What you are asked to do —
Using the records below, quote only the span that opens with the line containing "accessible_space U ->" and closes with the line containing "have [[n0 un0]|nox]", exactly and inclusively.

(Stored data)
/---
(* Let $N\ge 1$, $K\ge 2$, $M\in[0,N]$, and let $\mathbf p=(p_1,\dots,p_N)$ be a probability vector with $p_1\ge p_2\ge\dots\ge p_N$. For every caching scheme with uncoded placement (for any file size $F$) with cache size $M$, the average delivery rate $\bar R=\sum_{\mathbf d\in[N]^K}\big(\prod_{i=1}^K p_{d_i}\big)R(\mathbf d)$ satisfies $$\bar R\;\ge\;\min_{\mathbf a \text{ feasible}}\ \bar R_{\mathrm{lb}}(\mathbf a),$$ i.e. the optimal value of the optimization problem (P1): minimize $\bar R_{\mathrm{lb}}(\mathbf a)$ over all feasible placement vectors $\mathbf a$, is a lower bound on the average rate of every caching scheme with uncoded placement.
   Context: Notation: $[m]=\{1,\dots,m\}$; $\binom{m}{l}=0$ if $l>m$ or $m<0$. A demand vector $\mathbf d=(d_1,\dots,d_K)\in[N]^K$ (user $k$ requests file $d_k$) occurs with probability $\prod_{i=1}^K p_{d_i}$. For $\mathbf d$, let $\mathcal D(\mathbf d)\subseteq[N]$ be the set of distinct entries of $\mathbf d$. Placement vectors: a placement vector is $\mathbf a=(a_{n,l})_{n\in[N],\,0\le l\le K}$ of reals; it is feasible if (i) $a_{n,l}\ge 0$ for all $n,l$; (ii) $\sum_{l=0}^K\binom{K}{l}a_{n,l}=1$ for every $n\in[N]$; (iii) $\sum_{n=1}^N\sum_{l=1}^K\binom{K-1}{l-1}a_{n,l}\le M$. Lower-bound function: for nonempty $\mathcal D\subseteq[N]$, $R_{\mathrm{lb}}(\mathcal D;\mathbf a)=\max_{\pi}\sum_{l=0}^{K-1}\sum_{i=1}^{|\mathcal D|}\binom{K-i}{l}a_{\pi(i),l}$, the maximum over all bijections $\pi:[|\mathcal D|]\to\mathcal D$; and $\bar R_{\mathrm{lb}}(\mathbf a)=\sum_{\mathbf d\in[N]^K}\big(\prod_{i=1}^K p_{d_i}\big)R_{\mathrm{lb}}(\mathcal D(\mathbf d);\mathbf a)$. Caching scheme with uncoded placement: there are $N$ independent files $W_1,\dots,W_N$, each uniformly distributed on $\{0,1\}^F$, and $K$ users. In the placement phase (before demands are known) each user $k$ stores a cache content $Z_k$ consisting of a subset of the bits of the files (no coding), of total size at most $MF$ bits. In the delivery phase, for each demand vector $\mathbf d$ the server broadcasts a message $X_{\mathbf d}$ (a function of $W_1,\dots,W_N$) of $R(\mathbf d)F$ bits to all users, such that for every $k$, $W_{d_k}$ is a function of $(X_{\mathbf d},Z_k)$. *)

From HB Require Import structures.
From mathcomp Require Import all_boot all_order all_algebra.
Set Implicit Arguments. Unset Strict Implicit. Unset Printing Implicit Defensive.
Import Order.TTheory GRing.Theory Num.Theory.
Local Open Scope ring_scope.
Lemma balanced_of_table m n (L : 'I_m -> 'I_n -> nat) k :
  3 <= m -> 3 <= n -> ~~ odd (m * n) -> magic_table L k -> complemented L ->
  balanced_distance_magic (cycle_prod m n).
Proof.
move=> hm hn hev ht hc; have [hlt _ _] := ht.
have [l [hl hlL]] := table_labeling hm hn ht.
split; first by rewrite card_cycle_prod.
exists l; split => // w [a b] /andP [/= h1 h2].
have [a' [b' [e [ha hb]]]] := hc a b.
exists (a', b'); split; first by rewrite /direct_prod /= ha // hb.
have := hlt a b; rewrite /label !hlL card_cycle_prod /=; lia.
Qed.

Lemma cycle_prod_common_nbr m n (a : 'I_m) (b : 'I_n) v :
  3 <= m -> 3 <= n -> m <> 4 -> n <> 4 ->
  cycle_prod m n (ordS a, ordS b) v -> cycle_prod m n (ord_pred a, ord_pred b) v ->
  v = (a, b).
Proof.
move=> hm hn hm4 hn4; case: v => c d /andP [/= hc1 hd1] /andP [/= hc2 hd2].
by rewrite (cycle_common_nbr hm hm4 hc1 hc2) (cycle_common_nbr hn hn4 hd1 hd2).
Qed.

(* Necessity of the balanced condition: the complementary partner of (a, b)
   would have to be (a, b) itself, which contradicts the parity of mn. *)
Lemma balanced_necessary m n : 3 <= m -> 3 <= n ->
  balanced_distance_magic (cycle_prod m n) -> n = 4 \/ m = 4.
Proof.
move=> hm hn [hev [l [[hb _] hbal]]].
have [->|hn4] := eqVneq n 4; first by left.
have [->|hm4] := eqVneq m 4; first by right.
pose a : 'I_m := Ordinal (leq_trans (isT : 0 < 3) hm).
pose b : 'I_n := Ordinal (leq_trans (isT : 0 < 3) hn).
have e1 : cycle_prod m n (ordS a, ordS b) (a, b).
  by rewrite /direct_prod /= !cycle_adjE !ordSK !eqxx !orbT.
have e2 : cycle_prod m n (ord_pred a, ord_pred b) (a, b).
  by rewrite /direct_prod /= !cycle_adjE !ord_predK !eqxx.
have [v1 [f1 l1]] := hbal _ _ e1; have [v2 [f2 l2]] := hbal _ _ e2.
have ev : v1 = v2.
  by apply: (bij_inj hb); apply: ord_inj; move: l1 l2; rewrite /label; lia.
subst v2; move: l1.
rewrite (cycle_prod_common_nbr hm hn (elimN eqP hm4) (elimN eqP hn4) f1 f2).
have := ltn_ord (l (a, b)); rewrite /label => hlt hself.
have hodd : odd #|{: 'I_m * 'I_n}|.
  by rewrite (_ : #|_| = (l (a, b)).*2.+1) ?odd_double //; lia.
by rewrite hodd in hev.
Qed.

(* The magic table of C_p x C_4: its columns are a, p + a, 4p - 1 - a and
   3p - 1 - a, so that any two columns at distance 2 are complementary. *)
Definition col4_table p (a : 'I_p) (b : 'I_4) : nat :=
  match nat_of_ord b with
  | 0 => nat_of_ord a | 1 => p + a | 2 => 4 * p - 1 - a | _ => 3 * p - 1 - a
  end.

Lemma col4_row_sum p (a : 'I_p) (j : 'I_4) :
  row_pair_sum (@col4_table p) a j = 4 * p - 1.
Proof.
have := ltn_ord a; rewrite /row_pair_sum /col4_table.
by case: j => [[|[|[|[|j]]]] hj] //=; lia.
Qed.

Lemma col4_magic p : magic_table (@col4_table p) (2 * (4 * p - 1)).
Proof.
split.
- by move=> a [[|[|[|[|b]]]] hb]; have := ltn_ord a; rewrite /col4_table /=; lia.
- move=> a [[|[|[|[|b]]]] hb] // a' [[|[|[|[|b']]]] hb'] //;
    have := ltn_ord a; have := ltn_ord a'; rewrite /col4_table /= => ha' ha e;
    by split; apply: ord_inj => //=; lia.
- by move=> i j; rewrite /nbr_sum !col4_row_sum; lia.
Qed.

Lemma col4_complemented p : complemented (@col4_table p).
Proof.
move=> a b; exists a, (ordS (ordS b)); split; [|split] => //.
- by have := ltn_ord a; rewrite /col4_table; case: b => [[|[|[|[|b]]]] hb] //=; lia.
- by case: b => [[|[|[|[|b]]]] hb] // [[|[|[|[|y]]]] hy].
Qed.

(* The digit X < p, reflected to p - 1 - X when the selector s is 2 or 3.
   Since exactly one of s and s + 2 (mod 4) is below 2, the two choices of
   selector give complementary digits. *)
Definition flip (p s X : nat) : nat := if s < 2 then X else p - 1 - X.

Lemma flip_lt p s X : X < p -> flip p s X < p.
Proof. by rewrite /flip; case: ifP; lia. Qed.

Lemma flip_inj p s X X' : X < p -> X' < p -> flip p s X = flip p s X' -> X = X'.
Proof. by rewrite /flip; case: ifP; lia. Qed.

Lemma flip_pair p s X : s < 4 -> X < p -> flip p s X + flip p ((s + 2) %% 4) X = p - 1.
Proof. by rewrite /flip; case: s => [|[|[|[|s]]]] //=; lia. Qed.

(* A 4 x 4 tile of the labels 0..15 in which every four cells {r, r + 2} x
   {s, s + 2} (indices mod 4) sum to 30. *)
Definition tile (r s : nat) : nat :=
  if s < 2 then 4 * s + r else 15 - (4 * (s - 2) + r).

Lemma tile_lt r s : r < 4 -> s < 4 -> tile r s < 16.
Proof. by rewrite /tile; case: ifP; lia. Qed.

Lemma tile_inj r s r' s' : r < 4 -> s < 4 -> r' < 4 -> s' < 4 ->
  tile r s = tile r' s' -> r = r' /\ s = s'.
Proof. by rewrite /tile; case: ifP; case: ifP; lia. Qed.
(* There exists an almost discrete Fréchet–Urysohn (Tychonoff) space $Z$ such that $Z\times Z$ is not a weakly Grothendieck space.
   Context: A space is almost discrete if it has exactly one non-isolated point. $C_p(X)$ is the space of continuous real-valued functions on $X$ with the pointwise convergence topology. A space $W$ is a $g$-space if every subset $A\subseteq W$ such that every infinite subset of $A$ has an accumulation point in $W$ has compact closure in $W$; $X$ is weakly Grothendieck if $C_p(X)$ is a $g$-space. *)

From HB Require Import structures.
From mathcomp Require Import all_boot all_order all_algebra.
From mathcomp Require Import all_classical all_reals all_analysis.

Set Implicit Arguments.
Unset Strict Implicit.
Unset Printing Implicit Defensive.
Import Order.TTheory GRing.Theory Num.Theory.
Import numFieldNormedType.Exports.
Local Open Scope classical_set_scope.
Local Open Scope ring_scope.

(* Tychonoff space: completely regular and T1 (equivalently, given complete
   regularity, Hausdorff). *)
Definition tychonoff_space (T : topologicalType) : Prop :=
  completely_regular_space T /\ hausdorff_space T.

Definition almost_discrete (T : topologicalType) : Prop :=
  exists! z : T, ~ isolated [set: T] z.

Definition frechet_urysohn (T : topologicalType) : Prop :=
  forall (A : set T) (x : T), closure A x ->
    exists u : nat -> T, (forall n, A (u n)) /\ u @ \oo --> x.

Definition g_space (W : topologicalType) : Prop :=
  forall A : set W,
    (forall B : set W, B `<=` A -> infinite_set B ->
       exists x : W, limit_point B x) ->
    compact (closure A).

Definition Cp (R : realType) (X : topologicalType) : topologicalType :=
  set_type [set f : {ptws X -> R} | continuous (f : X -> R)].

Definition weakly_grothendieck (R : realType) (X : topologicalType) : Prop :=
  g_space (Cp R X).

From HB Require Import structures.
From mathcomp Require Import all_boot all_order all_algebra.
From mathcomp Require Import all_classical all_reals all_analysis.

(* Z is the fan with one spine for every s : nat -> nat: the points (s, m) are
   isolated and a neighbourhood of the apex must contain a tail
   {(s, m) | m >= h s} of every spine.  In Z * Z the set
   W = {((cst k, f k), (f, k))} accumulates at (apex, apex), but a diagonal
   argument shows that for any countably many spines f_n the part of W whose
   second spine is some f_n is closed and discrete.  Hence every pointwise
   cluster point of countably many indicators of finite subsets of W is
   continuous, so infinite sets of such indicators have accumulation points in
   C_p(Z * Z); yet along the directed set of all finite subsets of W these
   indicators cluster only at the indicator of W, which is discontinuous. *)

Set Implicit Arguments.
Unset Strict Implicit.
Unset Printing Implicit Defensive.
Import GRing.Theory.
Import numFieldNormedType.Exports.
Local Open Scope classical_set_scope.
Local Open Scope ring_scope.

Lemma continuous_const_off {T U : topologicalType} (S : set T) (c : U)
    (g : T -> U) :
  (forall x, ~ S x -> g x = c) ->
  (forall x : T, nbhs x [set x] \/ nbhs x (~` S)) -> continuous g.
Proof.
move=> gS isoS x V /nbhs_singleton Vgx.
have [xiso|xnS] := isoS x; first by apply: filterS xiso => _ ->.
have gxc := gS x (nbhs_singleton xnS).
by apply: filterS xnS => y /gS gyc /=; rewrite gyc -gxc.
Qed.

Lemma cluster_preimage_set1 {T U : topologicalType} (F : set_system T)
    (f : T -> U) (c : U) (x : T) :
  accessible_space U -> {for x, continuous f} ->
  F (f @^-1` [set c]) -> cluster F x -> f x = c.
Proof.
move=> U1 fx Fc Fx; apply: contrapT => /eqP fxc.
have : nbhs (f x) (~` [set c]).
  apply: open_nbhs_nbhs; split; last by move=> /= fxE; rewrite fxE eqxx in fxc.
  exact/closed_openC/accessible_closed_set1.
by move=> /fx /(Fx _ _ Fc) [y [/= -> ]].
Qed.

Lemma injective_seq_of_infinite {T : choiceType} (B : set T) :
  infinite_set B -> exists2 u : nat -> T, injective u & forall n, B (u n).
Proof.
move=> /infiniteP /card_leP [f].
have nT n : n \in [set: nat] by rewrite inE.
exists (fun n => \val (f (exist _ n (nT n))))
  => [n m /val_inj /(@inj _ _ _ f)|n].
  by move=> /(_ (mem_set I) (mem_set I)) /(congr1 \val).
exact: set_mem (valP (f (exist _ n (nT n)))).
Qed.

Lemma cluster_injective_limit_point {T : topologicalType} (B : set T)
    (u : nat -> T) (x : T) :
  injective u -> (forall n, B (u n)) -> cluster (u @ \oo) x ->
  limit_point B x.
Proof.
move=> uinj uB ux U Ux.
have : (u @ \oo) [set u n | n in [set n | u n != x]].
  have [[n0 un0]|nox] := pselect (exists n, u n = x).
    exists n0.+1 => // n /= n0n; exists n => //; apply/eqP => unx.
    by move: n0n; rewrite (uinj _ _ (etrans unx (esym un0))) ltnn.
  exists 0%N => // n _; exists n => //.
  by apply/eqP => unx; apply: nox; exists n.
by move=> /(ux _ _)/(_ Ux) [_ [[n unx <-] Uun]]; exists (u n).
Qed.

Lemma cluster_set_val {T : topologicalType} (A : set T)
    (F : set_system (set_type A)) (x : set_type A) : Filter F ->
  cluster (set_val @ F) (set_val x) -> cluster F x.
Proof.
move=> FF Fx P Q FP [_ [ [V oV <-] Vx] VQ].
have FP' : (set_val @ F) (set_val @` P).
  exact: filterS (@preimage_image _ _ _ _) FP.
have [_ [ [a Pa <-] Va]] := Fx _ _ FP' (open_nbhs_nbhs (conj oV Vx)).
by exists a; split; last exact: VQ.
Qed.

Lemma cluster_indic_seq (R : realType) (T : eqType) (S : set T)
    (A : nat -> set T) :
  (forall n, A n `<=` S) ->
  exists g : {ptws T -> R},
    cluster ((fun n => \1_(A n) : {ptws T -> R}) @ \oo) g /\
    forall x, ~ S x -> g x = 0.
Proof.
move=> AS.
pose K x : set R := if `[< S x >] then [set 0; 1] else [set 0].
have Kc x : compact (K x).
  by rewrite /K; case: ifP => _; [apply: compactU|]; exact: compact_set1.
have FK : ((fun n => \1_(A n) : {ptws T -> R}) @ \oo)
    [set g : {ptws T -> R} | forall x, K x (g x)].
  exists 0%N => // n _ x; rewrite /= indicE /K.
  have [xA|xA] := boolP (x \in A n); last by case: ifP => _ /=; [left|].
  by rewrite asboolT /=; [right|exact: AS (set_mem xA)].
have [g [Kg ug]] := tychonoff Kc _ FK.
by exists g; split => // x nSx; have := Kg x; rewrite /K asboolF.
Qed.

Lemma seq_family_range (T : pointedType) (U : Type) (u0 : U) (f : T -> U)
    (l : nat -> seq T) :
  exists G : nat -> U, forall n x, x \in l n -> range G (f x).
Proof.
exists (fun p => if unpickle p is Some (n, j) then f (nth point (l n) j)
                 else u0).
move=> n x xl; exists (pickle (n, index x (l n))) => //=.
by rewrite pickleK nth_index.
Qed.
\---
Exercise response —
  accessible_space U -> {for x, continuous f} ->
  F (f @^-1` [set c]) -> cluster F x -> f x = c.
Proof.
move=> U1 fx Fc Fx; apply: contrapT => /eqP fxc.
have : nbhs (f x) (~` [set c]).
  apply: open_nbhs_nbhs; split; last by move=> /= fxE; rewrite fxE eqxx in fxc.
  exact/closed_openC/accessible_closed_set1.
by move=> /fx /(Fx _ _ Fc) [y [/= -> ]].
Qed.

Lemma injective_seq_of_infinite {T : choiceType} (B : set T) :
  infinite_set B -> exists2 u : nat -> T, injective u & forall n, B (u n).
Proof.
move=> /infiniteP /card_leP [f].
have nT n : n \in [set: nat] by rewrite inE.
exists (fun n => \val (f (exist _ n (nT n))))
  => [n m /val_inj /(@inj _ _ _ f)|n].
  by move=> /(_ (mem_set I) (mem_set I)) /(congr1 \val).
exact: set_mem (valP (f (exist _ n (nT n)))).
Qed.

Lemma cluster_injective_limit_point {T : topologicalType} (B : set T)
    (u : nat -> T) (x : T) :
  injective u -> (forall n, B (u n)) -> cluster (u @ \oo) x ->
  limit_point B x.
Proof.
move=> uinj uB ux U Ux.
have : (u @ \oo) [set u n | n in [set n | u n != x]].
  have [[n0 un0]|nox] := pselect (exists n, u n = x).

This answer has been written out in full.